Wish I had the knowledge to build a steam... anything.

Its actually much easier than you'd think:-

a. Boil water in a vessel that can keep a high pressure
b. Use the steam to push a piston with a valve that switches
the flow off when its on the return, ie Pipes and valve.
c. Condense the steam back to water and pump this back into
boiler.

These days you dont need proprietary mechanical valves, use cheap
electronics and solenoid valves, you can then vary the timing to
suit etc.

Have seen a V8 chevy motor many years ago that was configured to
run off a waste steam source, what the guy did was:-

1. Change the valve timing, this is also easier than you'd think.
2. Use an oil/water separator on the sump, so the sump wouldnt
slowly fill up with water, I think it was some centrifugal
system to ensure any emulsion was nicely cleared.

No need for sparks or ignition etc, (I seem to recall also he ran
some pressure sensors off the old plug holes) just need the inlet
manifold to be able to hold the full waste steam pressure. In his
situation he didnt worry about recycling the steam to a condensor,
just let it exhaust to atmosphere - this was fairly efficient because
the exhaust would be straight to air so lower exit pressure and no need
for a water pump back to the bolier. If I recall corectly it ran
at about 2000 to 2400 rpms or so. Based on BMEP he could have got
something like 250 Hp from his waste steam source, might even be
legacy links on web, last time I looked was 12 years ago <shrug>



--
Regards
Mike
* GMC/VL Commodore, Calais VL Turbo FuseRail that wont warp or melt !
* High grade milspec ignition driver electronics now in development
* Twin Tyres to suit most sedans, trikes and motorcycle sidecars
http://niche.iinet.net.au
 
C

Clifford Heath

Jan 1, 1970
0
Mike said:
Have seen a V8 chevy motor many years ago that was configured to
run off a waste steam source

I wonder if it ran a week, or a month, before rusting out?
 
M

Mike

Jan 1, 1970
0
I wonder if it ran a week, or a month, before rusting out?

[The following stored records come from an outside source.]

Lemma row_state0 alpha t : stay alpha 0 t = 1 /\ jump alpha 0 t = 0 /\ reset alpha 0 t = 0.
Proof.
  assert (Hs : stay alpha 0 t = 1).
  { unfold stay, rate. simpl. rewrite <- exp_0. f_equal. ring. }
  assert (Hj : jump alpha 0 t = 0) by (apply jump_even; reflexivity).
  unfold reset. rewrite Hs, Hj. repeat split; ring.
Qed.

Lemma p_row alpha n j t :
  p alpha n j t =
  if Nat.eqb j n then stay alpha n t
  else if Nat.eqb j (n + 1) then jump alpha n t
  else if Nat.eqb j 0 then reset alpha n t else 0.
Proof.
  destruct (Nat.eqb_spec n 0) as [->|Hn].
  - destruct (row_state0 alpha t) as [Hs [Hj _]]. unfold p. simpl Nat.eqb.
    destruct (Nat.eqb_spec j 0); [now rewrite Hs|].
    destruct (Nat.eqb_spec j 1); [now rewrite Hj | reflexivity].
  - unfold p, reset, jump, stay, rate. cbv zeta.
    destruct (Nat.eqb_spec n 0); [lia|]. rewrite <- Nat.negb_odd.
    destruct (Nat.odd n); simpl negb; cbv iota.
    + reflexivity.
    + destruct (Nat.eqb_spec j n); [reflexivity|].
      destruct (Nat.eqb_spec j (n + 1)); [destruct (Nat.eqb_spec j 0); [lia|reflexivity]|].
      destruct (Nat.eqb_spec j 0); [ring|reflexivity].
Qed.

Definition point_mass (m : nat) (c : R) (j : nat) : R := if Nat.eqb j m then c else 0.

Lemma sum_point_mass m c k : sum_n (point_mass m c) k = if Nat.leb m k then c else 0.
Proof.
  induction k as [|k IH].
  - rewrite sum_O. unfold point_mass. destruct m; reflexivity.
  - rewrite sum_Sn, IH. unfold point_mass.
    destruct (Nat.leb_spec m k), (Nat.eqb_spec (S k) m), (Nat.leb_spec m (S k));
      try lia; unfold plus; simpl; ring.
Qed.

Dont know, I wondered about that at the time, though if its 'dry'
steam and the engine is in continuous use, without much opportunity
for condensation and presumably the oil/water separator is working
or there isnt much steam blowby then you'd expect some considerable
time, wonder how long ordinary older steam engines ran with their
cast iron pistons ?


--
Regards
Mike
* GMC/VL Commodore, Calais VL Turbo FuseRail that wont warp or melt !
* High grade milspec ignition driver electronics now in development
* Twin Tyres to suit most sedans, trikes and motorcycle sidecars
http://niche.iinet.net.au
 
A

Allan

Jan 1, 1970
0
Dont know, I wondered about that at the time, though if its 'dry'
steam and the engine is in continuous use, without much opportunity
for condensation and presumably the oil/water separator is working
or there isnt much steam blowby then you'd expect some considerable
time, wonder how long ordinary older steam engines ran with their
cast iron pistons ?

I saw an article years ago about a VW bug - still have it somewhere, I
might dig it out. I *think* it said titanium pistons were fitted.
Anyway, point being of course engines are modified to prevent rust. I
have always wished I could learn to build steam engines - maybe one
day I can find a decent book on it. [sigh]
 
M

Mike

Jan 1, 1970
0
Dont know, I wondered about that at the time, though if its 'dry'
steam and the engine is in continuous use, without much opportunity
for condensation and presumably the oil/water separator is working
or there isnt much steam blowby then you'd expect some considerable
time, wonder how long ordinary older steam engines ran with their
cast iron pistons ?

I saw an article years ago about a VW bug - still have it somewhere, I
might dig it out. I *think* it said titanium pistons were fitted.
Anyway, point being of course engines are modified to prevent rust. I
have always wished I could learn to build steam engines - maybe one
day I can find a decent book on it. [sigh]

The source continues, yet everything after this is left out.